Exact copies of all the entries are needed.

(Beginning of PROVIDED ENTRIES)

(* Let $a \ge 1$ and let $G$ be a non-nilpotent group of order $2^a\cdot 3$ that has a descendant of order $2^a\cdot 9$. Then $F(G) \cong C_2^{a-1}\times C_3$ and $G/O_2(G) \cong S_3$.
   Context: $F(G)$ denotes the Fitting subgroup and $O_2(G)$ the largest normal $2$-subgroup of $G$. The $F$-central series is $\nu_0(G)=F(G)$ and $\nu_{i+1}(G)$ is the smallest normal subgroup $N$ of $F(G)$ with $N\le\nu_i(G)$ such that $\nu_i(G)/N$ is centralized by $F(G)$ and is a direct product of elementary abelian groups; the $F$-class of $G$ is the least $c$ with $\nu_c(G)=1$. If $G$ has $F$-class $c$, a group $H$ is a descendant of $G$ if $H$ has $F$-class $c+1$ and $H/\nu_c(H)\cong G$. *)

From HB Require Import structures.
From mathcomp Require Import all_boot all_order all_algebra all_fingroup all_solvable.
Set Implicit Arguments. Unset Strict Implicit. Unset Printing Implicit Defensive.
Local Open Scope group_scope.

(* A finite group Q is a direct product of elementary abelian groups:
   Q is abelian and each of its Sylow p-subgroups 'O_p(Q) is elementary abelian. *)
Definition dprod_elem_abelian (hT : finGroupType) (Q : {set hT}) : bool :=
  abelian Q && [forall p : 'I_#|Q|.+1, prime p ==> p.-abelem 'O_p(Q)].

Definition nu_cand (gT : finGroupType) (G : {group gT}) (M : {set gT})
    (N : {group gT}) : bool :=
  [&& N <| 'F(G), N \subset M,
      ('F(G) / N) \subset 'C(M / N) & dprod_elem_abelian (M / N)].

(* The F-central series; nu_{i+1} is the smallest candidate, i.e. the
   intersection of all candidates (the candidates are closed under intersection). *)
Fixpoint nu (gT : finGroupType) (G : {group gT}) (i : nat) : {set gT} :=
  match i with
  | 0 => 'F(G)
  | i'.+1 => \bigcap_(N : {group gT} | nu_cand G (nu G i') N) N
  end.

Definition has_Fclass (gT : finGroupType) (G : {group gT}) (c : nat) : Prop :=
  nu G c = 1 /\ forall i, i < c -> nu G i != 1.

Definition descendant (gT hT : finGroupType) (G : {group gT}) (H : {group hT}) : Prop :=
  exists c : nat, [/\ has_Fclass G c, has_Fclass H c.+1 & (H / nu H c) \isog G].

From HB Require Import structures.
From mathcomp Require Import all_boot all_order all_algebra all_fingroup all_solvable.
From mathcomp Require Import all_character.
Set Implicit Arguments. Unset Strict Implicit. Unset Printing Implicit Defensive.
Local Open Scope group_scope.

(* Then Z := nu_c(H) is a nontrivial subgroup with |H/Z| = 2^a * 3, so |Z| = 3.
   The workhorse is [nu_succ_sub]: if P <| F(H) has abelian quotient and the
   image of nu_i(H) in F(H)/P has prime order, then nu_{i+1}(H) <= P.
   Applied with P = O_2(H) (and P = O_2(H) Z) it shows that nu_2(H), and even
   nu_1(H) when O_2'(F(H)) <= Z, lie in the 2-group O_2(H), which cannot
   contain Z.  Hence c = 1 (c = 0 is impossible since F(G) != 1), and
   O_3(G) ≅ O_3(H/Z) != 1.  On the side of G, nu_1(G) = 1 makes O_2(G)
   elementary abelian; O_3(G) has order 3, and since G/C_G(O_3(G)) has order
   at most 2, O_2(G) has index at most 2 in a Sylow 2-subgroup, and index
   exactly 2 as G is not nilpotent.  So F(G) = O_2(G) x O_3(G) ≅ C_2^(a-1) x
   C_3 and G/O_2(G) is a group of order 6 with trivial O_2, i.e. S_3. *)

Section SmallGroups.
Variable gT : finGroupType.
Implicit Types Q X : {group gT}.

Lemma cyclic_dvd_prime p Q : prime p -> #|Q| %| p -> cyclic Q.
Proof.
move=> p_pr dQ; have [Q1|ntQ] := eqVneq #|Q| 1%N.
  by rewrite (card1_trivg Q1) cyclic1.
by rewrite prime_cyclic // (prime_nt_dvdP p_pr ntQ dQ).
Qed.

(End of PROVIDED ENTRIES)

TASK SOLUTION:
(* Let $a \ge 1$ and let $G$ be a non-nilpotent group of order $2^a\cdot 3$ that has a descendant of order $2^a\cdot 9$. Then $F(G) \cong C_2^{a-1}\times C_3$ and $G/O_2(G) \cong S_3$.
   Context: $F(G)$ denotes the Fitting subgroup and $O_2(G)$ the largest normal $2$-subgroup of $G$. The $F$-central series is $\nu_0(G)=F(G)$ and $\nu_{i+1}(G)$ is the smallest normal subgroup $N$ of $F(G)$ with $N\le\nu_i(G)$ such that $\nu_i(G)/N$ is centralized by $F(G)$ and is a direct product of elementary abelian groups; the $F$-class of $G$ is the least $c$ with $\nu_c(G)=1$. If $G$ has $F$-class $c$, a group $H$ is a descendant of $G$ if $H$ has $F$-class $c+1$ and $H/\nu_c(H)\cong G$. *)

From HB Require Import structures.
From mathcomp Require Import all_boot all_order all_algebra all_fingroup all_solvable.
Set Implicit Arguments. Unset Strict Implicit. Unset Printing Implicit Defensive.
Local Open Scope group_scope.

(* A finite group Q is a direct product of elementary abelian groups:
   Q is abelian and each of its Sylow p-subgroups 'O_p(Q) is elementary abelian. *)
Definition dprod_elem_abelian (hT : finGroupType) (Q : {set hT}) : bool :=
  abelian Q && [forall p : 'I_#|Q|.+1, prime p ==> p.-abelem 'O_p(Q)].

Definition nu_cand (gT : finGroupType) (G : {group gT}) (M : {set gT})
    (N : {group gT}) : bool :=
  [&& N <| 'F(G), N \subset M,
      ('F(G) / N) \subset 'C(M / N) & dprod_elem_abelian (M / N)].

(* The F-central series; nu_{i+1} is the smallest candidate, i.e. the
   intersection of all candidates (the candidates are closed under intersection). *)
Fixpoint nu (gT : finGroupType) (G : {group gT}) (i : nat) : {set gT} :=
  match i with
  | 0 => 'F(G)
  | i'.+1 => \bigcap_(N : {group gT} | nu_cand G (nu G i') N) N
  end.

Definition has_Fclass (gT : finGroupType) (G : {group gT}) (c : nat) : Prop :=
  nu G c = 1 /\ forall i, i < c -> nu G i != 1.

Definition descendant (gT hT : finGroupType) (G : {group gT}) (H : {group hT}) : Prop :=
  exists c : nat, [/\ has_Fclass G c, has_Fclass H c.+1 & (H / nu H c) \isog G].

From HB Require Import structures.
From mathcomp Require Import all_boot all_order all_algebra all_fingroup all_solvable.
From mathcomp Require Import all_character.
Set Implicit Arguments. Unset Strict Implicit. Unset Printing Implicit Defensive.
Local Open Scope group_scope.

(* Then Z := nu_c(H) is a nontrivial subgroup with |H/Z| = 2^a * 3, so |Z| = 3.
   The workhorse is [nu_succ_sub]: if P <| F(H) has abelian quotient and the
   image of nu_i(H) in F(H)/P has prime order, then nu_{i+1}(H) <= P.
   Applied with P = O_2(H) (and P = O_2(H) Z) it shows that nu_2(H), and even
   nu_1(H) when O_2'(F(H)) <= Z, lie in the 2-group O_2(H), which cannot
   contain Z.  Hence c = 1 (c = 0 is impossible since F(G) != 1), and
   O_3(G) ≅ O_3(H/Z) != 1.  On the side of G, nu_1(G) = 1 makes O_2(G)
   elementary abelian; O_3(G) has order 3, and since G/C_G(O_3(G)) has order
   at most 2, O_2(G) has index at most 2 in a Sylow 2-subgroup, and index
   exactly 2 as G is not nilpotent.  So F(G) = O_2(G) x O_3(G) ≅ C_2^(a-1) x
   C_3 and G/O_2(G) is a group of order 6 with trivial O_2, i.e. S_3. *)

Section SmallGroups.
Variable gT : finGroupType.
Implicit Types Q X : {group gT}.

Lemma cyclic_dvd_prime p Q : prime p -> #|Q| %| p -> cyclic Q.
Proof.
move=> p_pr dQ; have [Q1|ntQ] := eqVneq #|Q| 1%N.
  by rewrite (card1_trivg Q1) cyclic1.
by rewrite prime_cyclic // (prime_nt_dvdP p_pr ntQ dQ).
Qed.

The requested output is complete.